**WHAT THIS TASK INVOLVES**
Each line from the one containing "exists f; split=> // v w vS wS /eqP fvw." through the final line of the data below must be repeated exactly.

[Dataset entries]

___

Lemma forest_no_nonbacktracking_rel (P : rel T) :
  subrel P e ->
  (forall a b, P a b -> exists c, [&& e b c, c != a & P b c]) ->
  forall a b, ~~ P a b.
Proof.
move=> P_sub P_ext a0 b0; apply/negP => P0.
pose next (p : T * T) : T * T :=
  if [pick c | [&& e p.2 c, c != p.1 & P p.2 c]] is Some c then (p.2, c) else p.
pose it n := iter n next (a0, b0).
have next_ext p : P p.1 p.2 ->
    [/\ (next p).1 = p.2, (next p).2 != p.1 & P (next p).1 (next p).2].
  rewrite /next; case: pickP => [c /and3P[_ -> ->] //|none P_p].
  by have [c /and3P[ec ca Pc]] := P_ext _ _ P_p; have := none c; rewrite ec ca Pc.
have P_it n : P (it n).1 (it n).2.
  by elim: n => [|n IH] //=; have [_ _] := next_ext _ IH.
apply: (@forest_no_infinite_nonbacktracking_walk (fun n => (it n).1)) => n /=.
  by have [-> _ _] := next_ext _ (P_it n); apply: P_sub.
have [-> _ _] := next_ext (next (it n)) (P_it n.+1).
by have [_ ne _] := next_ext _ (P_it n); rewrite eq_sym.
Qed.

End NonBacktrackingWalks.

Section NeighbourhoodSDR.
Variables (T : finType) (e : rel T).

Definition nbhd_sdr (S : {set T}) : bool :=
  [exists f : {ffun T -> T}, [forall v in S, e v (f v)] &&
     [forall v in S, forall w in S, (f v == f w) ==> (v == w)]].

Lemma nbhd_sdrP (S : {set T}) : reflect
  (exists f : T -> T, {in S, forall v, e v (f v)} /\ {in S &, injective f})
  (nbhd_sdr S).
Proof.
apply: (iffP existsP) => [[f /andP[/forall_inP f_edge /forall_inP f_inj]] | [f [f_edge f_inj]]].
  exists f; split=> // v w vS wS /eqP fvw.
  by apply/eqP; move: (f_inj v vS) => /forall_inP/(_ w wS)/implyP; apply.
exists (finfun f); apply/andP; split; apply/forall_inP => v vS; rewrite ?ffunE.
  exact: f_edge.
by apply/forall_inP => w wS; rewrite !ffunE; apply/implyP => /eqP/f_inj->.
Qed.

Lemma in_nbhd v u : (u \in nbhd e v) = e v u.
Proof. by rewrite inE. Qed.

Lemma ons_from_sdr D s : ons_from e D s -> exists f : T -> T,
  {in s, forall v, e v (f v) && (f v \notin D)} /\ {in s &, injective f}.
Proof.
elim: s D => [|v s IH] D /=; first by exists id.
case/andP => /set0Pn[x]; rewrite in_setD in_nbhd => /andP[xD evx] /IH[f [f_edge f_inj]].
have f_new u : u \in s -> f u != x.
  move=> us; apply: contraTneq (f_edge u us) => ->.
  by rewrite in_setU in_nbhd evx orbT andbF.
exists (fun u => if u == v then x else f u); split.
  move=> u; rewrite in_cons; case: eqP => [-> _|_ /= us]; first by rewrite evx xD.
  by case/andP: (f_edge u us) => -> /=; rewrite in_setU negb_or => /andP[].
move=> u w; rewrite !in_cons.
case: (eqVneq u v) => [->|uv]; case: (eqVneq w v) => [->|wv] //= us ws.
- by move/esym/eqP; rewrite (negbTE (f_new w ws)).
- by move/eqP; rewrite (negbTE (f_new u us)).
- exact: f_inj.
Qed.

___

**WORKED SOLUTION**
  exists f; split=> // v w vS wS /eqP fvw.
  by apply/eqP; move: (f_inj v vS) => /forall_inP/(_ w wS)/implyP; apply.
exists (finfun f); apply/andP; split; apply/forall_inP => v vS; rewrite ?ffunE.
  exact: f_edge.
by apply/forall_inP => w wS; rewrite !ffunE; apply/implyP => /eqP/f_inj->.
Qed.

Lemma in_nbhd v u : (u \in nbhd e v) = e v u.
Proof. by rewrite inE. Qed.

Lemma ons_from_sdr D s : ons_from e D s -> exists f : T -> T,
  {in s, forall v, e v (f v) && (f v \notin D)} /\ {in s &, injective f}.
Proof.
elim: s D => [|v s IH] D /=; first by exists id.
case/andP => /set0Pn[x]; rewrite in_setD in_nbhd => /andP[xD evx] /IH[f [f_edge f_inj]].
have f_new u : u \in s -> f u != x.
  move=> us; apply: contraTneq (f_edge u us) => ->.
  by rewrite in_setU in_nbhd evx orbT andbF.
exists (fun u => if u == v then x else f u); split.
  move=> u; rewrite in_cons; case: eqP => [-> _|_ /= us]; first by rewrite evx xD.
  by case/andP: (f_edge u us) => -> /=; rewrite in_setU negb_or => /andP[].
move=> u w; rewrite !in_cons.
case: (eqVneq u v) => [->|uv]; case: (eqVneq w v) => [->|wv] //= us ws.
- by move/esym/eqP; rewrite (negbTE (f_new w ws)).
- by move/eqP; rewrite (negbTE (f_new u us)).
- exact: f_inj.
Qed.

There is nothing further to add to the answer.